Encore une information que la presse occidentale a décidé de ne pas traiter. En effet, elle est délicate. Et il ne faut pas porter atteinte à l’image de la liberté artistique, de la liberté d’expression. Eléments sacralisés dans le discours contemporain.
La FIFA a interdit la chanteuse de rock russe Julia Chicherina de chanter devant les fans à Rostov-sur-le-Don, elle pourrait porter atteinte à l’image de la FIFA (sic). Nous vivons dans un monde merveilleux, l’essentiel est de ne pas l’oublier.
La chanteuse de rock russe Julia Chicherina vient de recevoir une lettre de la FIFA, en anglais, qui ne lui est pas nommément adressée, mais qui la concerne et qu’elle a publié sur sa page Facebook:
L’on apprend ainsi que la FIFA a discuté du cas de Chicherina, c’est en tout cas ce qu’affirme Ekaterina Savchenko, et qu’il est impossible que la chanteuse ne se produise devant les fans à Rostov sur le Don, puisque la FIFA exclue toute chanson politique, religieuse ou militaire. Or, même si Chicherina ne chante pas une chanson militaire, son répertoire et sa réputation pourraient porter atteinte à l’image de la FIFA et provoquer une attention négative des médias, puisqu’elle est déjà associée à la thématique militaire.
Où est l’objet du délit? Julia Chicherina s’est produite dans le Donbass, a des chansons qui condamnent la guerre menée par l’Ukraine contre les civils. C’est effectivement inacceptable. Enfin, d’en parler. Cela pourrait porter atteinte à l’image de la FIFA. Puisque cela va à l’encontre du mantra de la responsabilité de la Russie, de l’Ukraine-victime. Or, les mantras se répètent, ils ne se discutent pas.
La chanteuse a commenté cette lettre:
« Mon Dieu!

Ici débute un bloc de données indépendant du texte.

(* Let $f:\mathbb{R}^N\to\mathbb{R}^N$ be $C^1$ with equilibrium $x_\ast$, and fix $T>0$. Suppose there exist $\lambda_\ast>0$ and $n\in\mathbb{Z}$ with $\lambda_\ast\pm\frac{2\pi n i}{T}\in\sigma(f'(x_\ast))$. Let $K\in\mathbb{R}^{N\times N}$ (with arbitrary spectrum) satisfy $f'(x_\ast)K=Kf'(x_\ast)$. Then $\det(\lambda I-f'(x_\ast)-K[1-e^{-\lambda T}])=0$ has a root with $\mathrm{Re}\,\lambda>0$; in particular $x_\ast$ is unstable as a solution of $\dot x(t)=f(x(t))+K[x(t)-x(t-T)]$.
   Context: Eigenvalues of the linearized delay equation $\dot y(t)=f'(x_\ast)y(t)+K[y(t)-y(t-T)]$ are the roots of $\lambda\mapsto\det(\lambda I-f'(x_\ast)-K[1-e^{-\lambda T}])$. *)

From HB Require Import structures.
From mathcomp Require Import all_boot all_order all_algebra.
From mathcomp Require Import all_classical all_reals all_analysis.
From mathcomp Require Import complex.
Set Implicit Arguments. Unset Strict Implicit. Unset Printing Implicit Defensive.
Import Order.TTheory GRing.Theory Num.Theory.
Import numFieldNormedType.Exports.
Local Open Scope ring_scope.
Local Open Scope complex_scope.

Definition cexp (R : realType) (z : R[i]) : R[i] :=
  (expR (complex.Re z) * cos (complex.Im z)) +i* (expR (complex.Re z) * sin (complex.Im z)).

(* Standard (column-convention) Jacobian matrix f'(x) of f : R^N -> R^N.
   MathComp-Analysis' 'J f x acts on row vectors (D_v f x = v *m 'J f x),
   so the usual Jacobian is its transpose. *)
Definition jac (R : realType) (N : nat) (f : 'rV[R]_N -> 'rV[R]_N) (x : 'rV[R]_N)
  : 'M[R]_N := (jacobian f x)^T.

Definition C1 (R : realType) (N : nat) (f : 'rV[R]_N -> 'rV[R]_N) : Prop :=
  (forall x, differentiable f x) /\ continuous (jacobian f).
(* For all integers $k\ge 3$ and $n\ge 2$, the snake graph $S_{k,n}$ is odd prime.
   Context: All graphs are finite and simple. A graph $G$ of order $N$ is odd prime if there is a bijection $\ell:V(G)\to\{1,3,\ldots,2N-1\}$ with $\gcd(\ell(u),\ell(v))=1$ for every edge $uv$. The snake graph $S_{k,n}$ consists of a path $v_1,v_2,\ldots,v_n$ together with, for each $i=1,\ldots,n-1$, new vertices $w_{i,1},\ldots,w_{i,k-2}$ and the path $v_i,w_{i,1},w_{i,2},\ldots,w_{i,k-2},v_{i+1}$; thus each edge $v_iv_{i+1}$ lies on a $k$-cycle, and $S_{k,n}$ has $(k-1)(n-1)+1$ vertices. *)

From mathcomp Require Import all_boot.
Set Implicit Arguments. Unset Strict Implicit. Unset Printing Implicit Defensive.

Definition simple_graph (T : finType) (e : rel T) : Prop :=
  irreflexive e /\ symmetric e.

(* Odd prime labeling: a bijection l : V -> {1,3,...,2N-1} (N = #|V|),
   encoded as a bijection f : V -> 'I_#|V| with l x = 2 * f x + 1,
   such that adjacent vertices receive coprime labels. *)
Definition odd_prime (T : finType) (e : rel T) : Prop :=
  exists f : T -> 'I_#|T|,
    bijective f /\
    forall u v, e u v -> coprime (2 * f u + 1) (2 * f v + 1).

(* Vertices of S_{k,n}: inl i  = v_{i+1}      (0 <= i < n),
                        inr (i, j) = w_{i+1, j+1} (0 <= i < n-1, 0 <= j < k-2). *)
Definition snake_vertex (k n : nat) : finType :=
  ('I_n + ('I_n.-1 * 'I_k.-2))%type.

Definition snake_arc (k n : nat) (x y : snake_vertex k n) : bool :=
  match x, y with
  | inl a, inl b => b == a.+1 :> nat                     (* v_i v_{i+1} *)
  | inl a, inr (i, j) => (i == a :> nat) && (j == 0 :> nat)   (* v_i w_{i,1} *)
  | inr (i, j), inr (i', j') => (i' == i) && (j' == j.+1 :> nat) (* w_{i,j} w_{i,j+1} *)
  | inr (i, j), inl b => (j == k - 3 :> nat) && (b == i.+1 :> nat) (* w_{i,k-2} v_{i+1} *)
  end.

Definition snake_adj (k n : nat) : rel (snake_vertex k n) :=
  fun x y => snake_arc x y || snake_arc y x.

(* Number the vertices along the snake with d = k - 1 numbers per segment:
   v_{a+1} gets a d and w_{i+1,j+1} gets i d + j + 1.  Every edge then joins
   consecutive numbers, except v_{a+1} v_{a+2}, which joins a d and (a+1) d.
   The odd labels 2x+1 of consecutive numbers differ by 2 and are coprime;
   those of a d and (a+1) d differ by 2d, while 2ad+1 is odd and congruent
   to 1 modulo d, so they are coprime as well.  This works for every k >= 2. *)

From mathcomp Require Import all_boot.
From mathcomp Require Import zify.

Set Implicit Arguments.
Unset Strict Implicit.
Unset Printing Implicit Defensive.

Lemma coprime_odd_multiples_succ a d :
  coprime (2 * (a * d) + 1) (2 * (a.+1 * d) + 1).
Proof.
have -> : 2 * (a.+1 * d) + 1 = 2 * d + (2 * (a * d) + 1) by lia.
rewrite /coprime gcdnDr -/(coprime _ _) coprimeMr coprimen2 addn1 /=.
rewrite mul2n odd_double /= coprime_sym /coprime -addn1 -mul2n mulnA.
by rewrite gcdnMDl gcdn1.
Qed.

Lemma coprime_consecutive_odd x : coprime (2 * x + 1) (2 * x.+1 + 1).
Proof. by have := coprime_odd_multiples_succ x 1; rewrite !muln1. Qed.

Lemma odd_prime_inj (T : finType) (e : rel T) (g : T -> nat) :
  injective g -> (forall x, g x < #|T|) ->
  (forall u v, e u v -> coprime (2 * g u + 1) (2 * g v + 1)) -> odd_prime e.
Proof.
move=> g_inj g_lt g_cop; exists (fun x => Ordinal (g_lt x)); split=> //.
apply: inj_card_bij; last by rewrite card_ord.
by move=> x y /(congr1 val) /g_inj.
Qed.

Section SnakeLabel.

Variables k n : nat.
Hypothesis k_gt1 : 1 < k.

Definition snake_label (x : snake_vertex k n) : nat :=
  match x with
  | inl a => a * k.-1
  | inr (i, j) => i * k.-1 + j.+1
  end.

Lemma card_snake_vertex : #|snake_vertex k n| = n + n.-1 * k.-2.
Proof. by rewrite card_sum card_prod !card_ord. Qed.

Lemma snake_label_lt x : snake_label x < #|snake_vertex k n|.
Proof.
rewrite card_snake_vertex; case: x => [a|[i j]] /=.
- by have := ltn_ord a; nia.
- by have := ltn_ord i; have := ltn_ord j; nia.
Qed.

Lemma snake_label_inj : injective snake_label.
Proof.
have d_gt0 : 0 < k.-1 by lia.
have off_lt (j : 'I_k.-2) : j.+1 < k.-1 by have := ltn_ord j; lia.
move=> [a|[i j]] [b|[i' j']] /= /(congr1 (edivn^~ k.-1)).
- by rewrite -[a * _]addn0 -[b * _]addn0 !edivn_eq // => -[/val_inj ->].
- by rewrite -[a * _]addn0 !edivn_eq.
- by rewrite -[b * _]addn0 !edivn_eq.
- by rewrite !edivn_eq // => -[/val_inj -> /val_inj ->].
Qed.

Lemma snake_arc_coprime u v :
  snake_arc u v -> coprime (2 * snake_label u + 1) (2 * snake_label v + 1).
Proof.
have succ_cop x y : y = x.+1 -> coprime (2 * x + 1) (2 * y + 1).
  by move=> ->; apply: coprime_consecutive_odd.
case: u v => [a|[i j]] [b|[i' j']] /=.
- by move/eqP ->; apply: coprime_odd_multiples_succ.
- by case/andP=> /eqP -> /eqP ->; apply: succ_cop; lia.
- by case/andP=> /eqP -> /eqP ->; apply: succ_cop; have := ltn_ord j; lia.
- by case/andP=> /eqP -> /eqP ->; apply: succ_cop; lia.
Qed.

Lemma snake_odd_prime : odd_prime (@snake_adj k n).
Proof.
apply: (odd_prime_inj snake_label_inj snake_label_lt) => u v /orP[] uv.
  exact: snake_arc_coprime.
by rewrite coprime_sym; apply: snake_arc_coprime.
Qed.

End SnakeLabel.

Theorem theorem3p2 (k n : nat) : 3 <= k -> 2 <= n -> odd_prime (@snake_adj k n).
Proof. by move=> k_ge3 _; apply: snake_odd_prime; apply: ltnW. Qed.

Les supporteurs bandéristes m’ont interdit de me produire à Rostov, à une centaine de kilomètres de la ville martyre de Gorlovka, où les enfants dorment dans les baignoires pour ne pas être blessés par les éclats de missiles la nuit.
Beaucoup dans le Donbass estiment que les Russes ne viennent pas à leur secours en raison de ces grandes bacchanales du football. Il est bien connu que le rock est la musique de la contestation et l’on m’a officiellement interdite. J’ai reçu une lettre – en anglais – d’une gentille femme avec un nom ukrainien et l’on m’a demandé de ne rien dire. »

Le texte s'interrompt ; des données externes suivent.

(* In the i.i.d. setting, consider Algorithm $\varepsilon$-Greedy-LCBT and let $a_n=\lceil\sqrt{n\ell_n}\rceil$. Let $\mathcal{E}_1$ be the event that $$|x^\top(\hat\theta_i-\theta)|\le\xi_i(x)\quad\text{for all }x\in\mathbb{R}^d\text{ and all }i\in\{a_n+1,\dots,n\}.$$ Let $g:=\sqrt{L\|V_{a_n}^{-1}\|_2}\,\big(\sigma\sqrt{d\log(n+n^2L/(d\beta))}+\sqrt{S\beta}\big)$. Let $\alpha^*$ satisfy $\mathbb{P}_{z\sim\mathcal{D}_x}(z^\top\theta\le\alpha^* )=1-\frac1n$. Then on $\mathcal{E}_1$, for every $i>a_n$ and every realization of $(\hat\theta_i,V_i,\mathcal{I}_i)$, $$\alpha^*-2g\le\alpha_i\le\alpha^*.$$
   Context: Setting. Fix a horizon $n$ and dimension $d$. There is an unknown parameter $\theta\in\mathbb{R}^d$ with $\|\theta\|_2^2\le S$. For each $i\in[n]$ a feature vector $x_i\in\mathbb{R}^d$ is drawn independently from a distribution $\mathcal{D}_{x,i}$. Almost surely $\|x_i\|_2^2\le L$. The reward is $X_i=x_i^\top\theta\ge 0$. The noises $\eta_1,\dots,\eta_n$ are i.i.d. $\sigma$-sub-Gaussian and independent of the features, and $y_i=X_i+\eta_i$. i.i.d. setting: $\mathcal{D}_{x,i}=\mathcal{D}_x$ for all $i$. Quantities of Algorithm $\varepsilon$-Greedy-LCBT. Each stage $i$ is independently an exploration stage with probability $\varepsilon$ (else a decision stage). $\mathcal{I}_i$ is the set of exploration stages among $1,\dots,i$, and $\beta>0$. - $V_i=\sum_{t\in\mathcal{I}_i}x_tx_t^\top+\beta I_d$ and $\hat\theta_i=V_i^{-1}\sum_{t\in\mathcal{I}_i}y_tx_t$. - $\xi_i(x)=\sqrt{x^\top V_i^{-1}x}\,\big(\sigma\sqrt{d\log(n+n|\mathcal{I}_i|L/(d\beta))}+\sqrt{S\beta}\big)$. - $\alpha_i$ satisfies $\mathbb{P}_{z\sim\mathcal{D}_x}(z^\top\hat\theta_i-\xi_i(z)\le\alpha_i\mid\hat\theta_i,V_i,\mathcal{I}_i)=1-\frac1n$. The relevant distributions are assumed continuous, so that these quantiles exist and are unique. *)

From HB Require Import structures.
From mathcomp Require Import all_boot all_order all_algebra.
From mathcomp Require Import all_classical all_reals all_analysis.
Set Implicit Arguments. Unset Strict Implicit. Unset Printing Implicit Defensive.
Import Order.TTheory GRing.Theory Num.Theory.
Local Open Scope classical_set_scope.
Local Open Scope ring_scope.

Definition normsq (R : realType) (d : nat) (x : 'cV[R]_d) : R :=
  \sum_(j < d) (x j 0) ^+ 2.
Definition norm2 (R : realType) (d : nat) (x : 'cV[R]_d) : R :=
  Num.sqrt (normsq x).
Definition dotv (R : realType) (d : nat) (x y : 'cV[R]_d) : R :=
  (x^T *m y) 0 0.
Definition spec_norm (R : realType) (d : nat) (A : 'M[R]_d) : R :=
  sup [set norm2 (A *m x) | x in [set x : 'cV[R]_d | norm2 x <= 1]].

Definition a_n (R : realType) (n : nat) (ell : R) : nat :=
  `|Num.ceil (Num.sqrt (n%:R * ell))|%N.

(* Quantities of eps-Greedy-LCBT, for a realization:
   xs t = feature at stage t, ys t = observed y_t, expl t = stage t is an
   exploration stage. Stages are numbered 1..n. *)
Section Algo.
Variables (R : realType) (d : nat) (xs : nat -> 'cV[R]_d) (ys : nat -> R)
  (expl : nat -> bool) (beta : R).

Definition n_explore (i : nat) : nat := size [seq t <- iota 1 i | expl t].

Definition Vmat (i : nat) : 'M[R]_d :=
  \sum_(1 <= t < i.+1 | expl t) (xs t *m (xs t)^T) + beta%:M.

Definition theta_hat (i : nat) : 'cV[R]_d :=
  invmx (Vmat i) *m \sum_(1 <= t < i.+1 | expl t) (ys t *: xs t).

Definition xi (n : nat) (sigma S L : R) (i : nat) (x : 'cV[R]_d) : R :=
  Num.sqrt (dotv x (invmx (Vmat i) *m x)) *
  (sigma * Num.sqrt (d%:R * ln (n%:R + n%:R * (n_explore i)%:R * L
                                          / (d%:R * beta)))
   + Num.sqrt (S * beta)).

Definition gconst (n : nat) (sigma S L ell : R) : R :=
  Num.sqrt (L * spec_norm (invmx (Vmat (a_n n ell)))) *
  (sigma * Num.sqrt (d%:R * ln (n%:R + n%:R ^+ 2 * L / (d%:R * beta)))
   + Num.sqrt (S * beta)).
End Algo.

Definition unique_quantile (R : realType) (dT : measure_display)
  (T : measurableType dT) (P : probability T R) (f : T -> R) (p a : R) : Prop :=
  P [set w | f w <= a] = p%:E /\
  (forall b, P [set w | f w <= b] = p%:E -> b = a).

From HB Require Import structures.
From mathcomp Require Import all_boot all_order all_algebra.
From mathcomp Require Import all_classical all_reals all_analysis.
From mathcomp Require Import lra.
Set Implicit Arguments. Unset Strict Implicit. Unset Printing Implicit Defensive.
Import Order.TTheory GRing.Theory Num.Theory.
Local Open Scope classical_set_scope.
Local Open Scope ring_scope.

(* On E_1 the lower confidence bound [z^T theta_hat_i - xi_i(z)] lies between
   [z^T theta - 2 xi_i(z)] and [z^T theta]. The design matrices increase in the
   Loewner order, so [V_i^-1 <= V_(a_n)^-1] for [i >= a_n]; together with
   [|z|^2 <= L] a.s. and [|I_i| <= n] inside the logarithm this gives
   [xi_i(z) <= g]. Finally, an almost sure pointwise inequality [f <= h + c]
   transfers to the level-p quantiles as soon as the quantile of [f] is unique. *)

Section Euclidean.
Variables (R : realType) (d : nat).
Implicit Types (x y : 'cV[R]_d) (M : 'M[R]_d).

Lemma dotvE x y : dotv x y = \sum_(k < d) x k 0 * y k 0.
Proof. by rewrite /dotv mxE; apply: eq_bigr => k _; rewrite mxE. Qed.

Lemma dotvC x y : dotv x y = dotv y x.
Proof. by rewrite !dotvE; apply: eq_bigr => k _; rewrite mulrC. Qed.

Lemma dotvDr x y y' : dotv x (y + y') = dotv x y + dotv x y'.
Proof. by rewrite !dotvE -big_split; apply: eq_bigr => k _; rewrite !mxE mulrDr. Qed.

Lemma dotvBr x y y' : dotv x (y - y') = dotv x y - dotv x y'.
Proof. by rewrite !dotvE -sumrB; apply: eq_bigr => k _; rewrite !mxE mulrBr. Qed.

Lemma dotvZr x a y : dotv x (a *: y) = a * dotv x y.
Proof. by rewrite !dotvE mulr_sumr; apply: eq_bigr => k _; rewrite !mxE mulrCA. Qed.

Lemma dotvBl x x' y : dotv (x - x') y = dotv x y - dotv x' y.
Proof. by rewrite dotvC dotvBr !(dotvC y). Qed.

Lemma dotvZl a x y : dotv (a *: x) y = a * dotv x y.
Proof. by rewrite dotvC dotvZr dotvC. Qed.

Lemma dotv0r x : dotv x 0 = 0.
Proof. by rewrite /dotv mulmx0 mxE. Qed.

Lemma dotv_sumr (I : Type) (r : seq I) (P : pred I) (F : I -> 'cV[R]_d) x :
  dotv x (\sum_(t <- r | P t) F t) = \sum_(t <- r | P t) dotv x (F t).
Proof. by rewrite /dotv mulmx_sumr summxE. Qed.

Lemma dotv_mulmxr x M y : dotv x (M *m y) = dotv (M^T *m x) y.
Proof. by rewrite /dotv trmx_mul trmxK mulmxA. Qed.

Lemma dotvv x : dotv x x = normsq x.
Proof. by rewrite dotvE /normsq; apply: eq_bigr => k _; rewrite expr2. Qed.

Lemma normsq_ge0 x : 0 <= normsq x.
Proof. by apply: sumr_ge0 => k _; rewrite sqr_ge0. Qed.

Lemma normsq_eq0 x : (normsq x == 0) = (x == 0).
Proof.
apply/idP/eqP => [|->]; last by rewrite /normsq big1 // => k _; rewrite mxE expr0n.
rewrite psumr_eq0 => [/allP x0|k _]; last by rewrite sqr_ge0.
apply/matrixP => k j; rewrite !mxE (ord1 j).
by have := x0 k (mem_index_enum _); rewrite sqrf_eq0 => /eqP.
Qed.

Lemma normsqZ a x : normsq (a *: x) = a ^+ 2 * normsq x.
Proof. by rewrite /normsq mulr_sumr; apply: eq_bigr => k _; rewrite mxE exprMn. Qed.

Lemma norm2_ge0 x : 0 <= norm2 x.
Proof. exact: sqrtr_ge0. Qed.

Lemma sqr_norm2 x : norm2 x ^+ 2 = normsq x.
Proof. by rewrite sqr_sqrtr // normsq_ge0. Qed.

Lemma norm2_eq0 x : (norm2 x == 0) = (x == 0).
Proof. by rewrite sqrtr_eq0 -normsq_eq0 eq_le normsq_ge0 andbT. Qed.

Lemma norm2_0 : norm2 (0 : 'cV[R]_d) = 0.
Proof. by apply/eqP; rewrite norm2_eq0. Qed.

Lemma norm2Z a x : norm2 (a *: x) = `|a| * norm2 x.
Proof. by rewrite /norm2 normsqZ sqrtrM ?sqr_ge0 // sqrtr_sqr. Qed.

Lemma dotv_le_norm2 x y : dotv x y <= norm2 x * norm2 y.
Proof.
have [nxy0|nxy] := eqVneq (norm2 x * norm2 y) 0.
  rewrite nxy0; move/eqP: nxy0; rewrite mulf_eq0 !norm2_eq0 => /orP[] /eqP->;
    by rewrite ?dotv0r // dotvC dotv0r.
have nxy_gt0 : 0 < norm2 x * norm2 y by rewrite lt_def nxy mulr_ge0 ?norm2_ge0.
have := normsq_ge0 (norm2 y *: x - norm2 x *: y).
rewrite -dotvv !dotvBl !dotvBr !dotvZl !dotvZr !dotvv (dotvC y) -!sqr_norm2.
nra.
Qed.

Definition qform M x : R := dotv x (M *m x).

Lemma qformD M M' x : qform (M + M') x = qform M x + qform M' x.
Proof. by rewrite /qform mulmxDl dotvDr. Qed.

Lemma qform_sum (I : Type) (r : seq I) (P : pred I) (F : I -> 'M[R]_d) x :
  qform (\sum_(t <- r | P t) F t) x = \sum_(t <- r | P t) qform (F t) x.
Proof. by rewrite /qform mulmx_suml dotv_sumr. Qed.

Lemma qform_scalar a x : qform a%:M x = a * normsq x.
Proof. by rewrite /qform mul_scalar_mx dotvZr dotvv. Qed.

Lemma qform_outer y x : qform (y *m y^T) x = dotv y x ^+ 2.
Proof.
rewrite /qform -mulmxA.
have -> : y *m (y^T *m x) = dotv y x *: y.
  by apply/matrixP => i j; rewrite /dotv !mxE big_ord1 (ord1 j) mxE mulrC.
by rewrite dotvZr dotvC expr2.
Qed.

(* [det0P] yields a row vector [v] with [v *m M = 0], hence [qform M v^T = 0]. *)
Lemma qform_pos_unitmx M :
  (forall x, x != 0 -> 0 < qform M x) -> M \in unitmx.
Proof.
move=> Mpos; rewrite unitmxE unitfE; apply/det0P => -[v v0 vM].
have := Mpos v^T; rewrite -trmx0 (inj_eq trmx_inj) v0 => /(_ isT).
by rewrite /qform /dotv trmxK mulmxA vM mul0mx mxE ltxx.
Qed.

(* Completing the square: with [y = M^-1 x] and [w = M'^-1 x],
   [0 <= qform M' (w - y)] and [qform M' y <= qform M y] give the claim. *)
Lemma qform_invmx_le M M' x : M'^T = M' ->
  (forall v, 0 <= qform M' v) -> (forall v, qform M' v <= qform M v) ->
  M \in unitmx -> M' \in unitmx -> qform (invmx M) x <= qform (invmx M') x.
Proof.
move=> M'sym M'pos M'M uM uM'.
set y := invmx M *m x; set w := invmx M' *m x.
have My : M *m y = x by rewrite /y mulmxA mulmxV // mul1mx.
have M'w : M' *m w = x by rewrite /w mulmxA mulmxV // mul1mx.
have M'wy : dotv w (M' *m y) = dotv x y by rewrite dotv_mulmxr M'sym M'w dotvC.
change (dotv x y <= dotv x w).
have := M'pos (w - y); have := M'M y.
rewrite /qform mulmxBr !dotvBl !dotvBr M'wy My M'w !(dotvC _ x).
lra.
Qed.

Donc la FIFA peut interdire en Russie une chanteuse russe de se produire pour ne pas déplaire à la communauté internationale qui ne veut pas savoir que des civils sont victimes de l’armée ukrainienne dans le Donbass? Même si elle n’en parle pas. Simplement en raison de ce qu’elle est? Est-ce possible? Est-ce acceptable? Du compromis à la compromission, le glissement peut être rapide.
Où sont toutes ces organisations, tous ces activistes qui se prononçaient pour la défense des Pussy Riot qui profanaient une Eglise? Pour la défense de Pavlensky lorsqu’il brûlait la porte du FSB? Ils se taisent? Il est vrai qu’ils en ont l’habitude. L’indignation est sélective. Quand Pavlensky est incarcéré en France pour avoir renouvelé sa performance, on découvre que ce n’est plus de l’art.
L’art est donc géographique. Il est en fait ce que l’Occident décide qu’il peut être. Il peut être les Pussy Riot, il ne peut être Chicherina.
Nous vivons dans un monde merveilleux!